Populating the table with data

A multidimensional data model is typically organized around a central theme, such as sales. This theme is represented by a table that we call DataFrame. The data for the data frame can typically come from CSV or Excel file, an SQL database, a Swing TableModel, or from an array as in the example below:

DataFrame<Integer,String,?> dataFrame = DataFrameFactory.fromRowMajorArray(
    new String[]{"Item", "Origin", "Quantity", "Price"},
    new Class[]{String.class, String.class, Integer.class, Double.class},
    new Object[][]{
            {"Apple", "Switzerland", 12, 112.0},
            {"Pear", "Switzerland", 24, 125.0},
            {"Pear", "Switzerland", 6, 130.0},
            {"Tomato", "Switzerland", 50, 122.0},
            {"Tomato", "Italy", 40, 44.0},
            {"Tomato", "Italy", 100, 80.0}
    }
);

Manipulating the data

MOLAP provides a good range of methods to modifying, slicing, joining, and rearranging data frames. All of this can be made elegantly, through an indexing mechanism that allows stitching data together similarly to what can be made with R or the Pandas libraries. We won't cover this in this introduction, but most of these methods can be found in the DataFrame interface as well its column and row elements that can be extracted as Series.

Aggregating the data

The cube models the data through a multidimensional data model that allows the efficient analysis of the data. The cube is automatically instanciated as soon as you use the data structure returned by DataFrame.aggregate().

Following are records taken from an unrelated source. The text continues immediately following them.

Definition ffun_cons n (x : T) (f : {ffun 'I_n -> T}) : {ffun 'I_n.+1 -> T} :=
  [ffun i => if unlift ord0 i is Some j then f j else x].

Definition ffun_behead n (f : {ffun 'I_n.+1 -> T}) : {ffun 'I_n -> T} :=
  [ffun j => f (lift ord0 j)].

Lemma ffun_cons0 n x (f : {ffun 'I_n -> T}) : ffun_cons x f ord0 = x.
Proof. by rewrite ffunE unlift_none. Qed.

Lemma ffun_consS n x (f : {ffun 'I_n -> T}) j : ffun_cons x f (lift ord0 j) = f j.
Proof. by rewrite ffunE liftK. Qed.

Lemma ffun_consK n (f : {ffun 'I_n.+1 -> T}) : ffun_cons (f ord0) (ffun_behead f) = f.
Proof. by apply/ffunP => i; rewrite ffunE; case: unliftP => [j ->|->]; rewrite ?ffunE. Qed.

End FfunCons.

Lemma big_ffunS (R : Type) (idx : R) (op : Monoid.com_law idx) (T : finType) n
    (F : {ffun 'I_n.+1 -> T} -> R) :
  \big[op/idx]_f F f = \big[op/idx]_(x : T) \big[op/idx]_(f : {ffun 'I_n -> T}) F (ffun_cons x f).
Proof.
rewrite pair_big (reindex (fun p : T * {ffun 'I_n -> T} => ffun_cons p.1 p.2)) //.
exists (fun f : {ffun 'I_n.+1 -> T} => (f ord0, ffun_behead f)) => [[x f] _ | f _]; last exact: ffun_consK.
by rewrite /= ffun_cons0; congr pair; apply/ffunP => j; rewrite ffunE ffun_consS.
Qed.

Lemma sum_nat_eq_mem (T : finType) (P : {pred T}) (y : T) : \sum_(x in P) (y == x) = (y \in P).
Proof.
have [yP | yNP] := boolP (y \in P).
  by rewrite (bigD1 y) //= eqxx big1 // => x /andP[_ /negbTE]; rewrite eq_sym => ->.
by apply: big1 => x xP; case: eqVneq xP yNP => // -> ->.
Qed.

Definition signed_sum_count q n (a : 'I_n -> 'I_q) (x : 'I_q) : nat :=
  \sum_(e : {ffun 'I_n -> bool}) (signed_sum a e == x).

Lemma sum_setUI (T : finType) (A B : {set T}) (F : T -> nat) :
  \sum_(x in A) F x + \sum_(x in B) F x = \sum_(x in A :|: B) F x + \sum_(x in A :&: B) F x.
Proof.
rewrite !(big_mkcond (fun x => x \in _)) -!big_split; apply: eq_bigr => x _ /=.
by rewrite in_setU in_setI; case: (x \in A); case: (x \in B); rewrite /= ?addn0.
Qed.

Lemma signed_sum_cons q n (a : 'I_n.+1 -> 'I_q) b e :
  signed_sum a (ffun_cons b e) = (b * a ord0 + signed_sum (a \o lift ord0) e) %% q.
Proof.
rewrite /signed_sum big_ord_recl ffun_cons0 modnDmr; congr ((_ + _) %% q).
by apply: eq_bigr => i _; rewrite ffun_consS.
Qed.

Section Counting.

Variable p : nat.
Local Notation q := p.+1.

Lemma hit_countE n (a : 'I_n -> 'I_q) P :
  hit_count a P = \sum_(x in P) signed_sum_count a x.
Proof.
rewrite /hit_count /signed_sum_count exchange_big /= -sum1_card big_mkcond /=.
apply: eq_bigr => e _; rewrite inE; set y : 'I_q := inZp (\sum_(i < n) e i * a i).
have -> : signed_sum a e = y by [].
have -> : [exists x in P, y == x :> nat] = (y \in P).
  apply/existsP/idP => [[x /andP[xP /eqP /val_inj ->]] // | yP].
  by exists y; rewrite yP /=.
under eq_bigr do rewrite val_eqE.
by rewrite sum_nat_eq_mem; case: (y \in P).
Qed.

Lemma signed_sum_count0 (a : 'I_0 -> 'I_q) x : signed_sum_count a x = (x == 0%R).
Proof.
rewrite /signed_sum_count (eq_bigr (fun _ => nat_of_bool (x == 0%R))).
  by rewrite sum_nat_const card_ffun !card_ord expn0 mul1n.
by move=> e _; rewrite /signed_sum big_ord0 mod0n eq_sym.
Qed.

Lemma signed_sum_countS n (a : 'I_n.+1 -> 'I_q) x :
  signed_sum_count a x =
  signed_sum_count (a \o lift ord0) x + signed_sum_count (a \o lift ord0) (x - a ord0)%R.
Proof.
rewrite /signed_sum_count big_ffunS big_bool [RHS]addnC; congr (_ + _); last first.
  by apply: eq_bigr => e _; rewrite signed_sum_cons mul0n add0n /signed_sum modn_mod.
apply: eq_bigr => e _; rewrite signed_sum_cons mul1n.
set y : 'I_q := inZp (\sum_(i < n) e i * (a \o lift ord0) i).
have -> : ((a ord0 + signed_sum (a \o lift ord0) e) %% q)%N = val (a ord0 + y)%R by [].
by rewrite -[signed_sum _ _]/(val y) !val_eqE [in RHS]eq_sym subr_eq addrC eq_sym.
Qed.

Lemma shift_invariant_setT (P : {set 'I_q}) (c : 'I_q) :
  coprime c q -> [set x - c | x in P]%R = P -> P != set0 -> P = setT.
Proof.
move=> co_cq PcP /set0Pn[y yP].
have subcP x : x \in P -> (x - c)%R \in P by rewrite -{2}PcP; apply: imset_f.
have submulcP m x : x \in P -> (x - c *+ m)%R \in P.
  by elim: m => [|m IHm] xP; rewrite ?mulr0n ?subr0 // mulrSr opprD addrA subcP ?IHm.
apply/setP => z; rewrite in_setT.
(* [c] is a unit of Z_q, so [z] is [y - c *+ m] for a suitable [m]. *)
have co_qc : coprime q c by rewrite coprime_sym.
have cu1 : (c * Zp_inv c = 1 %[mod q])%N := congr1 val (Zp_mulzV co_qc).
suff -> : z = (y - c *+ (Zp_inv c * (y - z)%R))%R by apply: submulcP.
apply/esym/(canLR (subKr y))/val_inj.
by rewrite Zp_mulrn /= mulnA -modnMml cu1 modnMml mul1n modn_mod.
Qed.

Querying the highest level of abstraction

A cube at the highest level of abstraction is the apex cuboid. When a query is placed, this the the default cuboid being used.

Aggregation quantity = dataFrame.getSum("Quantity");
Aggregation revenue = dataFrame.getSum("Price").as("Revenue");
AggregateDataFrame<String> apexQuery = dataFrame.aggregate(quantity, revenue);

Table 1.1. Overall quantity and revenue

Sum(Quantity) Revenue
232.0 613.0

Drilling down one level

Drill Down/Up allows the user to navigate among levels of data ranging from the most summarized (up) to the most detailed (down).

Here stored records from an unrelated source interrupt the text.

Lemma norm_sum (I : finType) (F : I -> 'cV[R]_n) : N (\sum_i F i) <= \sum_i N (F i).
Proof.
elim/big_ind2: _ => [|x1 x2 y1 y2 h1 h2|//]; first by rewrite norm0.
by apply: le_trans (normD _ _) _; apply: lerD.
Qed.

Lemma entry_le_mx_norm (r : 'rV[R]_n) i : `|r 0 i| <= `|r|.
Proof.
have /mapP[j _ ->] : `|r 0 i| \in [seq `|r x.1 x.2| | x : 'I_1 * 'I_n].
  by apply/mapP; exists (0, i) => //=; rewrite mem_enum.
change (`|r j.1 j.2| <= mx_norm r); rewrite mx_normrE.
by apply/bigmax_geP; right; exists j.
Qed.

Definition basis_norm_sum : R := \sum_i N (delta_mx i 0 : 'cV[R]_n).

Lemma norm_le_mx_norm (r : 'rV[R]_n) : N r^T <= basis_norm_sum * `|r|.
Proof.
have -> : r^T = \sum_i r 0 i *: (delta_mx i 0 : 'cV[R]_n).
  apply/matrixP => i j; rewrite !mxE summxE (bigD1 i) //= big1 => [|k ki].
    by rewrite !mxE ord1 !eqxx mulr1 addr0.
  by rewrite !mxE eq_sym (negbTE ki) mulr0.
apply: le_trans; first exact: norm_sum.
rewrite /basis_norm_sum mulr_suml; apply: ler_sum => i _.
by rewrite normZ mulrC ler_wpM2l ?norm_ge0 ?entry_le_mx_norm.
Qed.

Lemma norm_continuous_rV : continuous (fun r : 'rV[R]_n => N r^T).
Proof.
move=> r; have F : Filter (nbhs r) := nbhs_filter r.
apply/(@cvgrPdist_le _ _ _ (nbhs r) F) => e e0.
have K0 : 0 <= basis_norm_sum by apply: sumr_ge0 => i _; apply: norm_ge0.
have K1 : 0 < basis_norm_sum + 1 by apply: ltr_wpDl.
have close := @cvgr_dist_le _ _ _ (nbhs r) F id r cvg_id _ (divr_gt0 e0 K1).
near=> y.
have hy : `|r - y| <= e / (basis_norm_sum + 1) by near: y; exact: close.
apply: le_trans (norm_dist _ _) _; rewrite -linearB.
apply: le_trans (norm_le_mx_norm _) _.
apply: le_trans (ler_wpM2l K0 hy) _.
rewrite mulrA ler_pdivrMr //; nra.
Unshelve. all: by end_near.
Qed.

AggregateDataFrame<String> byItemQuery = dataFrame.aggregate(quantity, revenue)
            .drillDown("Item");

Table 1.2. Quantities and revenues by item

Item Sum(Quantity) Revenue
Apple 12.0 112.0
Pear 30.0 255.0
Tomato 190.0 246.0

Order by a specific value

Sorting can be defined through one or more aggregation value.

AggregateDataFrame<String> orderQuery = dataFrame.aggregate(quantity, revenue)
            .drillDown("Item").order(revenue);

Table 1.3. Quantities and revenues by item ordered by quantity

Item Sum(Quantity) Revenue
Apple 12.0 112.0
Tomato 190.0 246.0
Pear 30.0 255.0

Deriving an existing query

An existing query can be further refined.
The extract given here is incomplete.